Note: This question is certainly different from Does re in Python support word boundaries (/b). The alluded link seeks an answer for a very simple query for which a cursory glance on any tutorial in Python regular expression would have provided the explanation with examples. My question was using a word boundary around an OR expression and is far from trivial or to be reckoned as duplicate.

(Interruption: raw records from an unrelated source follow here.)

(* Let $(\mu_i,\mathcal{S}_i,L_i,\pi_i)_{i=1}^n$ be irreducible, reversible continuous-time finite Markov chains, $p_1,\dots,p_n>0$ with $\sum_ip_i\le1$, and $(\mu,\mathcal{S},L,\pi)$ the product chain. With $\varrho_l,\rho_l,\psi_l,\varphi_l,j(c),\tilde j(c)$ as defined in the context, \[\varrho_{j(c)}\le\rho_{\tilde j(c)}\le\varrho_{j(e^c-1)}\quad\text{for all }c>0,\] with the conventions $\min\emptyset=\infty$ (and the corresponding eigenvalue $=\infty$).
   Context: Product chain: $\mathcal{S}=\prod_{i=1}^n\mathcal{S}_i$, $\mu=\prod_i\mu_i$, $\pi=\prod_i\pi_i$, $L=\sum_{i=1}^np_iI_1\otimes\cdots\otimes I_{i-1}\otimes L_i\otimes I_{i+1}\otimes\cdots\otimes I_n$. Let $0=\lambda_{i,0}\le\lambda_{i,1}\le\dots\le\lambda_{i,|\mathcal{S}_i|-1}$ be the eigenvalues of $-L_i$ with $L^2(\pi_i)$-orthonormal right eigenvectors $\phi_{i,0}=\mathbf1,\phi_{i,1},\dots$. Let $\Gamma=\{J=(j_1,\dots,j_n):0\le j_i<|\mathcal{S}_i|\}$, and for $J\in\Gamma$ set $\lambda_J=\sum_ip_i\lambda_{i,j_i}$, $\phi_J=\prod_i\phi_{i,j_i}$ (tensor product), and $\mu(\phi_J)=\prod_i\mu_i(\phi_{i,j_i})$ where $\mu_i(\phi)=\sum_x\mu_i(x)\phi(x)$. Enumerate $\{\lambda_J:J\in\Gamma,J\ne\mathbf0\}$ as $\varrho_1\le\varrho_2\le\cdots$ with $\psi_l$ the corresponding $\mu(\phi_J)$; enumerate $\{p_i\lambda_{i,j}:1\le j<|\mathcal{S}_i|,1\le i\le n\}$ as $\rho_1\le\rho_2\le\cdots$ with $\varphi_l$ the corresponding $\mu_i(\phi_{i,j})$. For $c>0$: $j(c)=\min\{j\ge1:\sum_{l=1}^j\psi_l^2>c\}$ and $\tilde j(c)=\min\{j\ge1:\sum_{l=1}^j\varphi_l^2>c\}$. *)

From Stdlib Require Import Reals Lra.
Open Scope R_scope.

Fixpoint sumR (f : nat -> R) (k : nat) : R :=
  match k with O => 0 | S k' => sumR f k' + f k' end.

Fixpoint prodR (f : nat -> R) (k : nat) : R :=
  match k with O => 1 | S k' => prodR f k' * f k' end.

Fixpoint psum (g : nat -> R) (j : nat) : R :=
  match j with O => 0 | S j' => psum g j' + g (S j') end.

Fixpoint first_from (P : nat -> bool) (k fuel : nat) : option nat :=
  match fuel with
  | O => None
  | S f => if P k then Some k else first_from P (S k) f
  end.
(* Let $\mathcal{G}$ be a simple temporal clique and let $\mathcal{T}^-=(V,E^-_T)$ be obtained by the forward construction. Every vertex $v$ that is not an emitter can reach a vertex $v'$ lying in the same in-tree of $\mathcal{T}^-$ as $v$ (emitter or not) by a journey of length at most two whose last edge is $e^-(v')$.
   Context: A simple temporal clique is a pair $\mathcal{G}=(G,\lambda)$ where $G=(V,E)$ is the complete graph on a finite vertex set $V$ and $\lambda:E\to\mathbb{N}$ assigns to each edge a single integer label such that any two distinct edges sharing an endpoint have different labels; the label of an arc $(x,y)$ is $\lambda(\{x,y\})$. A journey from $x$ to $y$ is a sequence of vertices $x=u_0,\dots,u_k=y$ ($k\ge1$) with $\lambda(\{u_{i-1},u_i\})<\lambda(\{u_i,u_{i+1}\})$ for $1\le i<k$; its length is $k$ and its last edge is $\{u_{k-1},u_k\}$. For a vertex $v$, $e^-(v)$ is the edge incident to $v$ with smallest label. Forward construction: let $E^-$ be the set of arcs $(u,v)$ with $\{u,v\}=e^-(v)$, except that if $e^-(u)=e^-(v)=\{u,v\}$ only one of the two arcs $(u,v),(v,u)$ is included (arbitrarily). Initialize $E^-_T:=E^-$. For every vertex $v$ of out-degree at least $2$ in $(V,E^-)$, let $(v,u_1),\dots,(v,u_\ell)$ be its out-arcs in $E^-$, where $(v,u_\ell)$ has the largest label; for each $i<\ell$, if $u_i$ has out-degree $0$ in $(V,E^-)$, replace $(v,u_i)$ by $(u_i,v)$ in $E^-_T$, and otherwise remove $(v,u_i)$ from $E^-_T$. Set $\mathcal{T}^-=(V,E^-_T)$. Its weakly connected components are called in-trees; an emitter is a vertex of out-degree $0$ in $\mathcal{T}^-$. *)

From mathcomp Require Import all_boot.
Set Implicit Arguments. Unset Strict Implicit. Unset Printing Implicit Defensive.

Section TemporalClique.
Variable T : finType.
(* The label of the edge {x,y} (x != y) of the complete graph on T is lab x y;
   values lab x x are irrelevant. *)
Variable lab : T -> T -> nat.

Definition simple_temporal_clique : Prop :=
  (forall x y, lab x y = lab y x) /\
  (forall x y z, x != y -> x != z -> y != z -> lab x y != lab x z).

(* minnb v u <=> e^-(v) = {v,u}: the edge at v with smallest label. *)
Definition minnb (v u : T) : bool :=
  (u != v) && [forall w, (w != v) ==> (lab v u <= lab v w)].

(* Em is a valid choice of E^-: the arcs (u,v) with {u,v} = e^-(v), where
   when e^-(u) = e^-(v) = {u,v} exactly one of (u,v),(v,u) is kept. *)
Definition valid_Em (Em : rel T) : Prop :=
  (forall u v, Em u v -> minnb v u) /\
  (forall u v, minnb v u -> ~~ minnb u v -> Em u v) /\
  (forall u v, minnb v u -> minnb u v -> (Em u v && ~~ Em v u) || (Em v u && ~~ Em u v)).

Definition outdeg (E : rel T) (x : T) : nat := #|[pred y | E x y]|.

Definition max_out (E : rel T) (x y : T) : bool :=
  E x y && [forall z, E x z ==> (lab x z <= lab x y)].

Definition ET (Em : rel T) : rel T := fun x y =>
  (Em x y && ((outdeg Em x < 2) || max_out Em x y)) ||
  [&& Em y x, 2 <= outdeg Em y, ~~ max_out Em y x & outdeg Em x == 0].

Definition emitter (Em : rel T) (v : T) : bool := outdeg (ET Em) v == 0.

Definition same_intree (Em : rel T) (x y : T) : bool :=
  connect [rel a b | ET Em a b || ET Em b a] x y.

(* Journey u_0 = x, u_1, ..., u_k (k = size t >= 1) given as x :: t:
   consecutive vertices are distinct (they form edges) and the labels of the
   consecutive edges are strictly increasing. *)
Definition journey (x : T) (t : seq T) : bool :=
  [&& t != [::], path (fun a b => a != b) x t &
      sorted ltn [seq lab e.1 e.2 | e <- zip (x :: t) t]].

End TemporalClique.

From mathcomp Require Import all_boot.

(* A non-emitter v has an out-arc (v, y) in T^-.  If it is an original arc of
   E^-, then {v, y} = e^-(y) and the one-edge journey v, y works.  Otherwise it
   is a reversed arc: (y, v) was a non-maximal out-arc of y in E^-, and the
   out-arc (y, z) of y with largest label survives in T^-.  Its label exceeds
   that of {v, y} (maximality plus properness), so v, y, z is a journey ending
   with {y, z} = e^-(z), and z lies in the in-tree of v through y. *)

Set Implicit Arguments.
Unset Strict Implicit.
Unset Printing Implicit Defensive.

Section Journeys.
Variables (T : finType) (lab : T -> T -> nat).

Lemma journey1 (x y : T) : x != y -> journey lab x [:: y].
Proof. by rewrite /journey /= => ->. Qed.

Lemma journey2 (x y z : T) :
  x != y -> y != z -> lab x y < lab y z -> journey lab x [:: y; z].
Proof. by rewrite /journey /= => -> -> ->. Qed.

Lemma minnb_neq (v u : T) : minnb lab v u -> u != v.
Proof. by case/andP. Qed.

Lemma exists_max_out (E : rel T) (x y : T) :
  E x y -> exists z, max_out lab E x z.
Proof.
move=> Exy; case: (arg_maxnP (lab x) Exy) => z Exz zmax.
by exists z; rewrite /max_out Exz; apply/forallP => w; apply/implyP/zmax.
Qed.

End Journeys.

Section ForwardConstruction.
Variables (T : finType) (lab : T -> T -> nat) (Em : rel T).

Lemma ET_same_intree (x y : T) : ET lab Em x y -> same_intree lab Em x y.
Proof. by move=> Exy; apply: connect1; rewrite /= Exy. Qed.

Lemma max_out_ET (x y : T) : max_out lab Em x y -> ET lab Em x y.
Proof. by move=> mxy; rewrite /ET mxy orbT andbT; case/andP: mxy => ->. Qed.

Lemma ET_kept_or_reversed (x y : T) :
  ET lab Em x y -> Em x y \/ Em y x /\ ~~ max_out lab Em y x.
Proof.
by case/orP => [/andP [-> _] | /and4P [Eyx _ nmax _]]; [left | right].
Qed.

Hypothesis lab_sym : forall x y, lab x y = lab y x.
Hypothesis lab_proper :
  forall x y z, x != y -> x != z -> y != z -> lab x y != lab x z.
Hypothesis Em_minnb : forall u v, Em u v -> minnb lab v u.

Lemma reversed_arc_journey (v y : T) :
  Em y v -> ~~ max_out lab Em y v ->
  exists z, [/\ ET lab Em y z, journey lab v [:: y; z] & minnb lab z y].
Proof.
move=> Eyv nmax; have [z mz] := exists_max_out lab Eyv.
have /andP [Eyz /forallP zmax] := mz.
have yv : y != v := minnb_neq (Em_minnb Eyv).
have yz : y != z := minnb_neq (Em_minnb Eyz).
have vz : v != z by apply: contraNneq nmax => ->.
have lab_vy_lt : lab v y < lab y z.
  by rewrite lab_sym ltn_neqAle lab_proper // (implyP (zmax v)).
exists z; split; [exact: max_out_ET | | exact: Em_minnb].
by apply: journey2; rewrite // eq_sym.
Qed.

End ForwardConstruction.

Theorem lemma4 (T : finType) (lab : T -> T -> nat) (Em : rel T) :
  simple_temporal_clique lab ->
  valid_Em lab Em ->
  forall v : T, ~~ emitter lab Em v ->
  exists (v' : T) (t : seq T),
    [/\ same_intree lab Em v v',
        journey lab v t,
        size t <= 2,
        last v t = v' &
        minnb lab v' (last v (belast v t))].
Proof.
move=> [lab_sym lab_proper] [Em_minnb _] v.
rewrite /emitter /outdeg -lt0n => /card_gt0P [y]; rewrite inE /= => Evy.
have vy_tree := ET_same_intree Evy.
case: (ET_kept_or_reversed Evy) => [Em_vy | [Em_yv nmax]].
  have yv_min := Em_minnb _ _ Em_vy.
  exists y, [:: y]; split => //.
  exact: journey1 (minnb_neq yv_min).
have [z [Eyz vyz_journey zy_min]] :=
  reversed_arc_journey lab_sym lab_proper Em_minnb Em_yv nmax.
exists z, [:: y; z]; split => //.
exact: connect_trans vy_tree (ET_same_intree Eyz).
Qed.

I was trying to build a palatable example to demonstrate regex word boundaries. Towards this, I wanted to show how the singular food items ordered by a diet-conscious person are changed for a guzzler and wrote the following program:

import re
items_lean = 'a masala dosa, an idli and a mango lassi'
pattern = r'{}'.format('an|a') # Use pattern as dynamic variable in regex
items_fat = re.sub(pattern, 'four', items_lean) # OOPS
print(items_fat)
pattern_fat = r'{}'.format('\ban\b|\ba\b') # Ensure a or an occurs as a word by itself
items_fat_proper = re.sub(pattern_fat, 'four', items_lean)
print(items_fat_proper)

I expected the following outputs corresponding to each print statement

four mfoursfourlfour dosfour, four idli fourd four mfourgo lfourssi
four masala dosa, four idli and four mango lassi

But, what I got was:

four mfoursfourlfour dosfour, four idli fourd four mfourgo lfourssi
a masala dosa, an idli and a mango lassi

Where should the \b factor be placed to get the desired output?

Seshadri R
  • 1,192
  • 14
  • 24
  • Why do you use `format` to create your string? Just use `r'\ban\b|\ba\b'`, that would have avoided this error. – Thierry Lathuille Nov 10 '19 at 09:50
  • Thanks. That is really simpler and less complicated too. Overambitious to use a Swiss knife, when a simple blade would have sufficed. – Seshadri R Nov 10 '19 at 09:59
  • @wiktor-stribizew Thanks for the comment. Added a prefatory note to my question to explain, why it is different from the one you referred to. – Seshadri R Nov 11 '19 at 04:00

1 Answers1

0

In order to satisfy the guzzlers you need to escape the \bs or use the raw input format i.e.

pattern_fat = r'\ban\b|\ba\b'

I've also removed the superfluous format which I suspect caused this confusion!

Joe Halliwell
  • 1,155
  • 6
  • 21